What is required
Look through the data below and extract, unchanged, the lines from the one that contains "dot p (Lam l)" to the one that contains "lambda <- P_C(lambda", both included.
⁂
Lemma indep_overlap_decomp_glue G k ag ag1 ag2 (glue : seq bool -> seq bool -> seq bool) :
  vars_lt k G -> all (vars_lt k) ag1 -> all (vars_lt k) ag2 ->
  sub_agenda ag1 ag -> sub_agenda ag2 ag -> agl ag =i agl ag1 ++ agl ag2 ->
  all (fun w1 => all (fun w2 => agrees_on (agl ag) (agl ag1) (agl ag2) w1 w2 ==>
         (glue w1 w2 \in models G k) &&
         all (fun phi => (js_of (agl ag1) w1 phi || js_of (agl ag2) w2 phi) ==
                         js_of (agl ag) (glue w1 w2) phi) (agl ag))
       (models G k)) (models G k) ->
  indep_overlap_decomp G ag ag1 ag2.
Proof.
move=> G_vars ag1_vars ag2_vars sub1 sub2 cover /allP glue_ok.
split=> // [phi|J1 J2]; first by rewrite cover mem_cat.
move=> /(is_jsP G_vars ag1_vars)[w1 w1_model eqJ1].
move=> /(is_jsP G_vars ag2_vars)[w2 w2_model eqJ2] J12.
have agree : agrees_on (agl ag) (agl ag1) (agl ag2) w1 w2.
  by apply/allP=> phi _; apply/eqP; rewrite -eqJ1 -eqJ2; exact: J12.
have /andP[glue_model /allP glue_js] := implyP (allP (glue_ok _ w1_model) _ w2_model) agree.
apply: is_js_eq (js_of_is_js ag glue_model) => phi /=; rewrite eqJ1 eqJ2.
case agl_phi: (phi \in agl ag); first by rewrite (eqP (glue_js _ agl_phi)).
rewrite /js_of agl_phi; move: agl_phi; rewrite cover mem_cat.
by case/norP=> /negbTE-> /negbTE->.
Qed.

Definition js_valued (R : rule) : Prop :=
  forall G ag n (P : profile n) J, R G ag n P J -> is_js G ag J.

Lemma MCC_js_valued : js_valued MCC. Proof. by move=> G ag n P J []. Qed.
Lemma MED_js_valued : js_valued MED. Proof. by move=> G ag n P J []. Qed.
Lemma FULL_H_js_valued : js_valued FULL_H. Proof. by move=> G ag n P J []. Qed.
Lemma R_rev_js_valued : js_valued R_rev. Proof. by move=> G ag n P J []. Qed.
⁂
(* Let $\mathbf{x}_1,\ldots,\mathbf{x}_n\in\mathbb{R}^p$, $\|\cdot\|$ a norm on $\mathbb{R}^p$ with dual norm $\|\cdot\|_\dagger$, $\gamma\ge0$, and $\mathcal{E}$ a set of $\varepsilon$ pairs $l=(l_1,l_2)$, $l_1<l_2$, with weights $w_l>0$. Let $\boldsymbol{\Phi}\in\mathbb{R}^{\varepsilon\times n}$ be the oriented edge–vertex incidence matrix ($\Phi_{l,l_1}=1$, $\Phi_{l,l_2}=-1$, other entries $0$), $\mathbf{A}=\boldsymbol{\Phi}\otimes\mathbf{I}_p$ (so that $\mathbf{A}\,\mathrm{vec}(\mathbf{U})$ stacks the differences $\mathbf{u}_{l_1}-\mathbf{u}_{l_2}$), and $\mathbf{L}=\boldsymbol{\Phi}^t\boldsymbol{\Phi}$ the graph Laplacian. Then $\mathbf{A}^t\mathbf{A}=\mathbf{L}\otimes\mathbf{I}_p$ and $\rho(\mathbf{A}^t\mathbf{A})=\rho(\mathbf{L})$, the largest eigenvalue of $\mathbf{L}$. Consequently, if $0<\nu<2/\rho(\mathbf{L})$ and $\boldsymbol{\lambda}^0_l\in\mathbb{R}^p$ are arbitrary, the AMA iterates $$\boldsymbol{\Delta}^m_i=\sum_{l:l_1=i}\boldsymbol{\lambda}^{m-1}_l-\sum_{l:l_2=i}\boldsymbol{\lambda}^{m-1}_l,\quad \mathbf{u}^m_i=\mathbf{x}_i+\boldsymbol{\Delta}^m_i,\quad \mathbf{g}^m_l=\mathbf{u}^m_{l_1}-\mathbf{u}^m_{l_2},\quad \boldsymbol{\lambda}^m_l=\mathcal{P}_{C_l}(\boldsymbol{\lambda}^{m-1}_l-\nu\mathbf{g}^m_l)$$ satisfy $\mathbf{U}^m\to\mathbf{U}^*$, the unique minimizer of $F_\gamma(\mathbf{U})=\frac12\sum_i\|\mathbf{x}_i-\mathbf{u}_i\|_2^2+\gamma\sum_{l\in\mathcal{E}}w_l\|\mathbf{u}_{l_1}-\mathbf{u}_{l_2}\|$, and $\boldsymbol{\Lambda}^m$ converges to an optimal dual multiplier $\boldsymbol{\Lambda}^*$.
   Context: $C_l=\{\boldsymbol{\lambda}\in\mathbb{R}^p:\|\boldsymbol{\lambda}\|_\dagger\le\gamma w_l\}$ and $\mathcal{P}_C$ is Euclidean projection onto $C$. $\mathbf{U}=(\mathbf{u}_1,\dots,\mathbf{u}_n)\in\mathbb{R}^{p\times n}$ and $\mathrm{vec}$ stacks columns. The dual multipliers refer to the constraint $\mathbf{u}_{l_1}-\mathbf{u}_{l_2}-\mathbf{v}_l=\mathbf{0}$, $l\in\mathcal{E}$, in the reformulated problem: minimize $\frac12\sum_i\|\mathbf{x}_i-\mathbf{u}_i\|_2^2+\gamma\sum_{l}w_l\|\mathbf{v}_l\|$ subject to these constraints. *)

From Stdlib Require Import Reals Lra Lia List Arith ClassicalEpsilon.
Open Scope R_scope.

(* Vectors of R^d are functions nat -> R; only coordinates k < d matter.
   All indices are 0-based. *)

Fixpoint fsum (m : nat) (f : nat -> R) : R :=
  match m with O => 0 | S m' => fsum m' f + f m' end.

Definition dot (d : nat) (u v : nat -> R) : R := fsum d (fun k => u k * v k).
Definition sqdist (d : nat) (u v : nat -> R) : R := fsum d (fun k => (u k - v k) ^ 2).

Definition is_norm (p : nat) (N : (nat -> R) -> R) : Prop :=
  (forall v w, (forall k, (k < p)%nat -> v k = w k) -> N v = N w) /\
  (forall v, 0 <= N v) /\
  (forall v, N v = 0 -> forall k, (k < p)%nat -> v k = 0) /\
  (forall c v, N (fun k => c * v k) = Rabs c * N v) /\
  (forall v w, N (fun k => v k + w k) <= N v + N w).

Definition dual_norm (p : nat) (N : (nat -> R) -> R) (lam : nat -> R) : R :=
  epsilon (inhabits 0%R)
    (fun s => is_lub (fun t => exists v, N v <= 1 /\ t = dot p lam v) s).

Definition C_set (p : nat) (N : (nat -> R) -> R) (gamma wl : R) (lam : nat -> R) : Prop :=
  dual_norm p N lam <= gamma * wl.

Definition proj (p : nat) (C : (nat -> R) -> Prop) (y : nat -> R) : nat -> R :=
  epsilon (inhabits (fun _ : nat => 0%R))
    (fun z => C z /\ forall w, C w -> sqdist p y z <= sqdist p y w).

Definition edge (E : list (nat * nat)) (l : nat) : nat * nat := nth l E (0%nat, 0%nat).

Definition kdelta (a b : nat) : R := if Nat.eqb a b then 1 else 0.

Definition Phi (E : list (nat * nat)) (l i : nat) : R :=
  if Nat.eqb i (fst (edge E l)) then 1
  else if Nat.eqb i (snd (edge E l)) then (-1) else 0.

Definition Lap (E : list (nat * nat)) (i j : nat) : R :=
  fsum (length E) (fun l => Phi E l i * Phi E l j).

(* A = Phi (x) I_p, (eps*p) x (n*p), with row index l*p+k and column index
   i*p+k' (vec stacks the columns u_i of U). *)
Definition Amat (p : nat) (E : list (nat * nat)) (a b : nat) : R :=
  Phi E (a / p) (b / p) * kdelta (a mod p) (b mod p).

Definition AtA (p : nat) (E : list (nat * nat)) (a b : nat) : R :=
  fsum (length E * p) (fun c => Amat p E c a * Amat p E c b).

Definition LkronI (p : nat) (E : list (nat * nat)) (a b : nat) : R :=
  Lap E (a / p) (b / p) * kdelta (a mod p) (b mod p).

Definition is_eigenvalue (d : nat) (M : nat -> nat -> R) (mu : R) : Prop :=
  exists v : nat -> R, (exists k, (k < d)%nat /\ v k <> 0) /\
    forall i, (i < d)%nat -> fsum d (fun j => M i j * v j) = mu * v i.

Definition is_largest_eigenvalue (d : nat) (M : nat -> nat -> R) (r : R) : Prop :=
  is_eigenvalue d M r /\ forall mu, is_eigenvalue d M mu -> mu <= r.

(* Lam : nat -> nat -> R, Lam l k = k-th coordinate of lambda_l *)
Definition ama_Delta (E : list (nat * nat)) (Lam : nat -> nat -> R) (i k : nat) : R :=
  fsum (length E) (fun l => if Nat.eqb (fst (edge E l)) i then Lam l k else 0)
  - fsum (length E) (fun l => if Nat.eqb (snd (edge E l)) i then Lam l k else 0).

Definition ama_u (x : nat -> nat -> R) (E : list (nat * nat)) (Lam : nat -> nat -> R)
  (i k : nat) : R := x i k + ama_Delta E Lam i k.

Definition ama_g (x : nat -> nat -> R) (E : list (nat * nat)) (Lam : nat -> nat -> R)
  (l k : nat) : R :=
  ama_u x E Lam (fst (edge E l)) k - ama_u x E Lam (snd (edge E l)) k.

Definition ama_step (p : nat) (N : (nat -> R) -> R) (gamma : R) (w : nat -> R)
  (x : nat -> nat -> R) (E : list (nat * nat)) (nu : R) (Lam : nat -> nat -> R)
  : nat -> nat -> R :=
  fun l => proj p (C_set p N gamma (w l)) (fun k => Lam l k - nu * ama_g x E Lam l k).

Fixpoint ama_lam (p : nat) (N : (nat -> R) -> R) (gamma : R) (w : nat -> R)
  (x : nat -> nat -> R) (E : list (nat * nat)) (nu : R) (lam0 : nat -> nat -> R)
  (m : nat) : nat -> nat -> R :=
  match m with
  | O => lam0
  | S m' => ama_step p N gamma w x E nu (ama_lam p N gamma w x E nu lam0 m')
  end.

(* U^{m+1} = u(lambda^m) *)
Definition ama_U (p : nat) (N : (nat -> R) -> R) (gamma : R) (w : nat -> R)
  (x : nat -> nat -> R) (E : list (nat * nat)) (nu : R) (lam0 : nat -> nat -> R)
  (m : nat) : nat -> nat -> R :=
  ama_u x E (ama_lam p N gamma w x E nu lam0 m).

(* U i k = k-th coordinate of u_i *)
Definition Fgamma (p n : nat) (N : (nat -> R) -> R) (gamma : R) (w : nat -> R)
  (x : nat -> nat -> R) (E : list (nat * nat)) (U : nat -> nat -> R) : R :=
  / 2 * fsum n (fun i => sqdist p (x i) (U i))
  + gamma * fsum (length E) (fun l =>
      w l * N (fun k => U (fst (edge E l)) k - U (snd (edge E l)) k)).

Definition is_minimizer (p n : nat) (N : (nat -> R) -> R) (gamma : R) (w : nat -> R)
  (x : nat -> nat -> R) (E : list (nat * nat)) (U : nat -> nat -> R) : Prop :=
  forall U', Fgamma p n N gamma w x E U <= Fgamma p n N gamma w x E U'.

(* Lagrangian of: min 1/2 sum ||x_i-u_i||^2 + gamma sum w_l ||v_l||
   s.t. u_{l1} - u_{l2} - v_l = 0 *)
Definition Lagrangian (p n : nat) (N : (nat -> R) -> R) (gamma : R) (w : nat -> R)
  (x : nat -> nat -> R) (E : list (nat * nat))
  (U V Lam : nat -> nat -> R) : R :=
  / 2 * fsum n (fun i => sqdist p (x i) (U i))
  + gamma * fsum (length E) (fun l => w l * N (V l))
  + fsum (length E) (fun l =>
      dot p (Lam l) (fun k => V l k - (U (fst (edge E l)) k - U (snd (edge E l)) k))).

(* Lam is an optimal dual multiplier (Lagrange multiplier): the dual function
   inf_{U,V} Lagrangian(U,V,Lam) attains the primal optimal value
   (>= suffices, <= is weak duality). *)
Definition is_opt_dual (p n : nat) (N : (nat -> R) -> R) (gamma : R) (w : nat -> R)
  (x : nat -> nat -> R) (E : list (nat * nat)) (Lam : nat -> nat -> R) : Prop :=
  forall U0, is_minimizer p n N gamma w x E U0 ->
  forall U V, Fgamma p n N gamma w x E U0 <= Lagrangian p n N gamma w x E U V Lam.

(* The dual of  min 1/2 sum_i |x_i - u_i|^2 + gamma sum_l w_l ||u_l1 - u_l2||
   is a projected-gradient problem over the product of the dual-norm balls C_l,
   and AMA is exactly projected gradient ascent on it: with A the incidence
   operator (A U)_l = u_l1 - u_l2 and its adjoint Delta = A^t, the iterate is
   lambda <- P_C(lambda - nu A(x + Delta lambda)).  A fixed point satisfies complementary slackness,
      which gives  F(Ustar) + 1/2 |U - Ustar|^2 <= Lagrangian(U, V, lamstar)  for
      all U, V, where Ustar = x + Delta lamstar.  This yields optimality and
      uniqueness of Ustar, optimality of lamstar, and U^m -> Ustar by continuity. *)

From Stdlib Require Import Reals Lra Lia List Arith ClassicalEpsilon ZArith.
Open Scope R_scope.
⁂
Result of the task
      dot p (Lam l) (fun k => V l k - (U (fst (edge E l)) k - U (snd (edge E l)) k))).

(* Lam is an optimal dual multiplier (Lagrange multiplier): the dual function
   inf_{U,V} Lagrangian(U,V,Lam) attains the primal optimal value
   (>= suffices, <= is weak duality). *)
Definition is_opt_dual (p n : nat) (N : (nat -> R) -> R) (gamma : R) (w : nat -> R)
  (x : nat -> nat -> R) (E : list (nat * nat)) (Lam : nat -> nat -> R) : Prop :=
  forall U0, is_minimizer p n N gamma w x E U0 ->
  forall U V, Fgamma p n N gamma w x E U0 <= Lagrangian p n N gamma w x E U V Lam.

(* The dual of  min 1/2 sum_i |x_i - u_i|^2 + gamma sum_l w_l ||u_l1 - u_l2||
   is a projected-gradient problem over the product of the dual-norm balls C_l,
   and AMA is exactly projected gradient ascent on it: with A the incidence
   operator (A U)_l = u_l1 - u_l2 and its adjoint Delta = A^t, the iterate is
   lambda <- P_C(lambda - nu A(x + Delta lambda)).  A fixed point satisfies complementary slackness,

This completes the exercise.